Resolving the data quality issues that come from biased sampling is an open issue.
In our research we select a non-representative online social community and sample posts
totally randomly, providing a corpus more representative of the language of hate speech
(though potentially atypical in other ways, given the irregularity of a community that
frequently posts hate speech). An independently developed study also takes this approach
to gathering hate speech data, considering the online platform of “Stormfront”, which is
populated by white nationalists (de Gibert et al., 2018). We downloaded Gab posts from
the public dump of the data by Pushshift.io1(Gaffney, 2018) and randomly sampled
28,000 posts for annotation. Posts were sampled only if they met a reasonable threshold
for textual content (at least three non-hyperlink tokens).
Annotation process
Annotators were undergraduate research assistants (RAs) trained by first reading
the typology and coding manual and then passing a test of about thirty messages that had
been previously annotated and agreed upon in terms of their hate-based rhetoric labels.
All materials are available in Appendix A. RAs performed annotation via a secure online
platform, which provided them with the option to halt annotation at any time.

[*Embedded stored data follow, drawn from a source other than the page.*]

Theorem lemma8 (s : nat) (hs2 : (2 <= s)%N) (hseven : ~~ odd s) :
  exists C : algC, 0 <= C /\
  forall (K : finFieldType) (psi : K -> algC),
    is_add_char psi -> nontrivial_char psi -> odd #|K| ->
    forall E F : {set 'rV[K]_s},
      (#|E| <= #|F|)%N ->
      (900 * #|K| ^ s <= #|E| * #|F|)%N ->
      `| `|sigma0 psi E F| ^+ 2
         - ((#|K| ^ (3 * s))%:R)^-1 * ((nu0 E F)%:R) ^+ 2 |
      <= C * ((#|K| ^ (3 * s + 1))%:R)^-1 * (#|E|%:R) ^+ 2 * (#|F|%:R) ^+ 2.
Proof.
exists 6; split => // K psi psi_char psi_nontrivial odd_card E F le_EF large.
have q_gt0 : (0 < #|K|)%N := ltnW (finNzRing_gt1 K).
have exp_mul k : (#|K| ^ (k * s + 1) = (#|K| ^ s) ^ k * #|K|)%N.
  by rewrite addn1 expnS mulnC (mulnC k) expnM.
have exp_3s : (#|K| ^ (3 * s) = (#|K| ^ s) ^ 3)%N by rewrite -expnM mulnC.
rewrite sigma0_closed // !exp_mul exp_3s.
apply: norm_sqr_scaled_bound; rewrite ?expn_gt0 ?q_gt0 //.
apply: main_term_bound; rewrite ?sqr_gauss_power ?lez_nat ?nu0_le //.
- move: large; set A := (#|K| ^ s)%N; set e := #|E|; set f := #|F|; nia.
- exact/subset_leq_card/subsetIl.
Qed.
Lemma iter_sqr_approx K u : 0 <= u <= 1 ->
  [/\ u ^+ (2 ^ K) <= iter K F u,
      iter K F u <= u ^+ (2 ^ K) + (2 ^+ K - 1) * d & iter K F u <= 1].
Proof.
move=> /andP[u0 u1]; elim: K => [|K [lo hi le1]] /=.
  by rewrite expn0 expr1 expr0 subrr mul0r addr0 lexx.
set z := iter K F u in lo hi le1 *; set e := u ^+ (2 ^ K) in lo hi *.
have e0 : 0 <= e by rewrite exprn_ge0.
have z01 : 0 <= z <= 1 by apply/andP; split; lra.
have [Flo Fhi F1] := F_sqr z01.
have sqr_lip : z ^+ 2 - e ^+ 2 <= 2 * (z - e).
  have : 0 <= (z - e) * (2 - z - e) by apply: mulr_ge0; lra.
  by rewrite !expr2; lra.
have e2z2 : e ^+ 2 <= z ^+ 2 by rewrite lerXn2r // ?nnegrE; lra.
by rewrite expnSr exprM -/e (exprS 2 K); split; lra.
Qed.

End IteratedSquaring.

Lemma subrXX_le (R : realDomainType) (a b : R) n : 0 <= b <= a ->
  a ^+ n - b ^+ n <= n%:R * a ^+ n.-1 * (a - b).
Proof.
move=> /andP[b0 ba]; rewrite subrXX mulrC ler_wpM2r ?subr_ge0 //.
have -> : n%:R * a ^+ n.-1 = \sum_(i < n) a ^+ n.-1.
  by rewrite sumr_const card_ord mulr_natl.
apply: ler_sum => i _.
have a0 : 0 <= a := le_trans b0 ba.
have iN : (i <= n.-1)%N by have := ltn_ord i; lia.
by rewrite -{2}(subnK iN) exprD ler_wpM2l ?exprn_ge0 ?lerXn2r.
Qed.

Section ExpApprox.
Variable R : realType.
Implicit Types (t x : R).

Lemma expRN_1B_le t : 0 <= t -> expR (- t) - (1 - t) <= t ^+ 2.
Proof.
move=> t0; have := expR_ge1Dx t; have := expRxMexpNx_1 t.
have := expR_gt0 (- t); set a := expR (- t) => a0 aE ht.
have : a * (1 + t) <= 1 by rewrite -aE [X in _ <= X]mulrC; apply: ler_wpM2l; lra.
have : 0 <= t ^+ 3 by rewrite exprn_ge0.
by rewrite !exprS expr0; nra.
Qed.

Lemma expRN_le_inv x : 0 < x -> expR (- x) <= x^-1.
Proof.
move=> x0; rewrite expRN lef_pV2 ?posrE ?expR_gt0 //.
by have := expR_ge1Dx x; lra.
Qed.

Lemma sqr_mul_expRN_half x : 0 <= x -> x ^+ 2 * expR (- x / 2) <= 16.
Proof.
move=> x0; have q := expR_ge1Dx (x / 4).
have x2 : x ^+ 2 <= 16 * expR (x / 2).
  have -> : x / 2 = x / 4 + x / 4 by field.
  rewrite expRD; have : (1 + x / 4) * (1 + x / 4) <= expR (x / 4) * expR (x / 4).
    by apply: ler_pM; lra.
  by rewrite expr2; nra.
have := expRxMexpNx_1 (x / 2); rewrite mulNr.
have := ler_wpM2r (expR_ge0 (- (x / 2))) x2; nra.
Qed.

Lemma pow_1B_expR N x : (1 < N)%N -> 0 <= x <= N%:R ->
  0 <= expR (- x) - (1 - x / N%:R) ^+ N <= 16 / N%:R.
Proof.
(* With [t = x / N] and [a = e^-t >= 1 - t]: the error is at most
   [N a^(N-1) (a - (1 - t)) <= N e^(-x/2) t^2 = e^(-x/2) x^2 / N]. *)
move=> N1 /andP[x0 xN]; have N0 : 0 < N%:R :> R by rewrite ltr0n; lia.
set t := x / N%:R; set a := expR (- t).
have t0 : 0 <= t by rewrite divr_ge0 // ltW.
have t1 : t <= 1 by rewrite ler_pdivrMr // mul1r.
have xE : x = t * N%:R by rewrite divfK // lt0r_neq0.
clearbody t.
have ta : 1 - t <= a by have := expR_ge1Dx (- t); rewrite /a; lra.
have aN : a ^+ N = expR (- x) by rewrite /a -expRM_natr mulNr -xE.
have aN1 : a ^+ N.-1 <= expR (- x / 2).
  have NE : N%:R = N.-1%:R + 1 :> R by rewrite natr1 prednK //; lia.
  have : 0 <= t * (N.-1%:R - 1) by rewrite mulr_ge0 // subr_ge0 ler1n; lia.
  rewrite /a -expRM_natr ler_expR xE NE; lra.
rewrite -aN subr_ge0 lerXn2r ?nnegrE ?expR_ge0 ?subr_ge0 //=.
have a0 : 0 <= a ^+ N.-1 by rewrite exprn_ge0 ?expR_ge0.
apply: le_trans (subrXX_le N (_ : 0 <= 1 - t <= a)) _; first by rewrite subr_ge0 t1.
apply: (@le_trans _ _ (N%:R * a ^+ N.-1 * t ^+ 2)).
  by apply: ler_wpM2l; [rewrite mulr_ge0 // ltW | exact: expRN_1B_le].
have -> : N%:R * a ^+ N.-1 * t ^+ 2 = a ^+ N.-1 * x ^+ 2 / N%:R.
  by rewrite xE; field; rewrite lt0r_neq0.
rewrite ler_pM2r ?invr_gt0 // mulrC.
by apply: le_trans (sqr_mul_expRN_half x0); apply: ler_wpM2l; rewrite ?sqr_ge0.
Qed.
(* Let $(\mathscr C,A,\psi)$ be an entwining structure with $A$ finite dimensional over $K$, and suppose there exists a normalized cointegral $\gamma=\{\gamma_X:A^*\otimes\mathscr C(X,X)\to A\}_{X\in Ob(\mathscr C)}$ on $(\mathscr C,A,\psi)$. Then (a) the forgetful functor $G_\psi:Com^{\mathscr C}_A(\psi)\to Com^{\mathscr C}$ is a semisimple functor, and (b) $G_\psi$ is a Maschke functor.
   Context: $K$ is a field. A $K$-coalgebra with several objects $\mathscr C$: a set $Ob(\mathscr C)$, vector spaces $\mathscr C(X,Y)$, linear comultiplications $\delta_{XYZ}:\mathscr C(X,Z)\to\mathscr C(Y,Z)\otimes\mathscr C(X,Y)$ and counits $\epsilon_X:\mathscr C(X,X)\to K$, with $(\delta_{YWZ}\otimes\mathrm{id})\delta_{XYZ}=(\mathrm{id}\otimes\delta_{XYW})\delta_{XWZ}$ and $(\epsilon_Y\otimes\mathrm{id})\delta_{XYY}=\mathrm{id}=(\mathrm{id}\otimes\epsilon_X)\delta_{XXY}$. For a $K$-algebra $A$ (multiplication $\mu_A$, unit $u_A$), an entwining structure $(\mathscr C,A,\psi)$ is a family of linear maps $\psi_{XY}:\mathscr C(X,Y)\otimes A\to A\otimes\mathscr C(X,Y)$, $\psi_{XY}(f\otimes a)=a_\psi\otimes f^\psi$, with (i) $(\mathrm{id}_A\otimes\delta_{XYZ})\psi_{XZ}=(\psi_{YZ}\otimes\mathrm{id})(\mathrm{id}\otimes\psi_{XY})(\delta_{XYZ}\otimes\mathrm{id}_A)$; (ii) $\psi_{XZ}(\mathrm{id}\otimes\mu_A)=(\mu_A\otimes\mathrm{id})(\mathrm{id}_A\otimes\psi_{XZ})(\psi_{XZ}\otimes\mathrm{id}_A)$; (iii) $\psi_{XZ}(f\otimes1)=1\otimes f$; (iv) $\epsilon_Z(g^\psi)a_\psi=\epsilon_Z(g)a$. $Com^{\mathscr C}$: right $\mathscr C$-comodules (spaces $\mathcal M(X)$, coactions $\rho_{XY}(m)=m_{Y0}\otimes m_{Y1}\in\mathcal M(Y)\otimes\mathscr C(X,Y)$ with $(\rho_{ZY}\otimes\mathrm{id})\rho_{XZ}=(\mathrm{id}\otimes\delta_{XZY})\rho_{XY}$, $(\mathrm{id}\otimes\epsilon_X)\rho_{XX}=\mathrm{id}$) with coaction-compatible morphisms; abelian with exactness objectwise. $Com^{\mathscr C}_A(\psi)$: comodules with right $A$-module structures on each $\mathcal M(X)$ such that $\rho_{XY}(ma)=m_{Y0}a_\psi\otimes(m_{Y1})^\psi$, with $A$-linear comodule morphisms; $G_\psi$ forgets the $A$-actions. $coev_A:K\to A\otimes A^*$, $1\mapsto\sum_ia_i\otimes a_i^*$ (basis and dual basis). A normalized cointegral is a family of linear maps $\gamma_X:A^*\otimes\mathscr C(X,X)\to A$ with: (1) $(\mathrm{id}_A\otimes\psi_{XY})(\psi_{XY}\otimes\gamma_X)(\mathrm{id}\otimes coev_A\otimes\mathrm{id})\delta_{XXY}=(\mathrm{id}_A\otimes\gamma_Y\otimes\mathrm{id})(coev_A\otimes\delta_{XYY})$ as maps $\mathscr C(X,Y)\to A\otimes A\otimes\mathscr C(X,Y)$; (2) $(\mathrm{id}_A\otimes\mu_A)(\mathrm{id}_A\otimes\gamma_X\otimes\mathrm{id}_A)(coev_A\otimes\mathrm{id}\otimes\mathrm{id}_A)=(\mu_A\otimes\gamma_X)(\mathrm{id}_A\otimes coev_A\otimes\mathrm{id})\psi_{XX}$ as maps $\mathscr C(X,X)\otimes A\to A\otimes A$; (3) $\mu_A(\mathrm{id}_A\otimes\gamma_X)(coev_A\otimes\mathrm{id})=u_A\circ\epsilon_X$ on $\mathscr C(X,X)$. A functor $F:\mathcal D\to\mathcal D'$ between abelian categories is semisimple if every short exact sequence in $\mathcal D$ whose image under $F$ is split exact in $\mathcal D'$ splits in $\mathcal D$; it is Maschke if for all morphisms $i:X\to X'$, $f:X\to Y$ in $\mathcal D$ with $F(i)$ a split monomorphism in $\mathcal D'$ there is $g:X'\to Y$ with $g\circ i=f$. *)

From HB Require Import structures.
From mathcomp Require Import all_boot all_algebra falgebra.
Set Implicit Arguments. Unset Strict Implicit. Unset Printing Implicit Defensive.
Import GRing.Theory.
Local Open Scope ring_scope.

(* MathComp has no tensor product of (possibly infinite dimensional)        *)
(* vector spaces.  An element of V (x) W is represented by a finite formal  *)
(* sum  sum_i v_i (x) w_i, i.e. a list of pairs; two formal sums represent  *)
(* the same tensor iff they agree under every pairing  phi (x) chi  with    *)
(* linear functionals phi, chi (over a field, the functionals phi (x) chi   *)
(* separate the points of V (x) W).  Same for triple tensor products.       *)
(* A linear map into a tensor product is a function into formal sums which  *)
(* is linear modulo this equivalence; a linear map out of a tensor product  *)
(* is a multilinear map (universal property).                               *)
Section Tensor.
Variable K : fieldType.

Definition tens (V W : lmodType K) := seq (V * W).
Definition tens3 (U V W : lmodType K) := seq (U * V * W).

Definition teq (V W : lmodType K) (s t : tens V W) : Prop :=
  forall (phi : {linear V -> K^o}) (chi : {linear W -> K^o}),
    \sum_(p <- s) (phi p.1 : K) * chi p.2 = \sum_(p <- t) (phi p.1 : K) * chi p.2.

Definition teq3 (U V W : lmodType K) (s t : tens3 U V W) : Prop :=
  forall (phi : {linear U -> K^o}) (chi : {linear V -> K^o})
         (om : {linear W -> K^o}),
    \sum_(p <- s) (phi p.1.1 : K) * chi p.1.2 * om p.2
    = \sum_(p <- t) (phi p.1.1 : K) * chi p.1.2 * om p.2.

(* scalar multiple of a formal sum; addition is concatenation *)
Definition tscale (V W : lmodType K) (k : K) (s : tens V W) : tens V W :=
  [seq (k *: p.1, p.2) | p <- s].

Annotators were provided with a written guide to prevent secondary trauma, which
encouraged annotators to pay attention to signs of hyperarousal, attend to changes in
cognition, take breaks, and avoid picturing traumatic situations. It also encouraged
annotators to contact researchers if they were experiencing symptoms of PTSD, which were
also listed on the guide. This guide attempted to normalize feeling negatively impacted by
the work, provide trauma- specific education, help monitor for signs of traumatic stress,
and provide a mechanism of support as preventative measures against secondary traumatic
stress (Bell et al., 2003). While this measure was put into place to reduce the risk of
secondary traumatic stress, several annotators dropped out of the study due to the burden
associated with annotating hate speech. Future researchers may consider implementation
of other preventative and treatment interventions for secondary traumatic stress including
repeated assessment of vulnerability factors, identification of at-risk groups within
annotators for traumatic stress, continuous self-care and supervision, and mindfulness
training (Kaplan et al., 2017; Kleim & Westphal, 2011).
The number of posts annotated per annotator (n= 18, M= 5,109, Mdn = 4,044)
ranged from 288 to 13543. Posts were included that were annotated by at least three
Inter-Annotator Agreement
Annotating hate speech has been documented to result in high levels of annotator
disagreement (e.g., Ross et al., 2017), attributed to a combination of factors, including
annotator differences in understanding of the definition of hate speech, interpretations of
the annotated texts, or evaluating harms done to certain groups (i.e., inconsistent
application of the hate speech definition to different social groups; see
Mostafazadeh Davani, Atari, Kennedy, Havaldar, and Dehghani (2020)). To evaluate the
overall levels of inter-annotator agreement, we computed Fleiss’s kappa for multiple
annotators (Fleiss, 1971) as well as the Prevalence-Adjusted and Bias-Adjusted Kappa
(PABAK; Byrt, Bishop, & Carlin, 1993). PABAK is appropriate with imbalanced labels,
which are present in this corpus, as kappa is known to underestimate annotator agreement
in such cases.
In Table 1, we list Fleiss’s kappa and PABAK for the three top-level labels in our
typology (HD, CV, VO), where kappas are computed over the entire corpus (N= 27,655).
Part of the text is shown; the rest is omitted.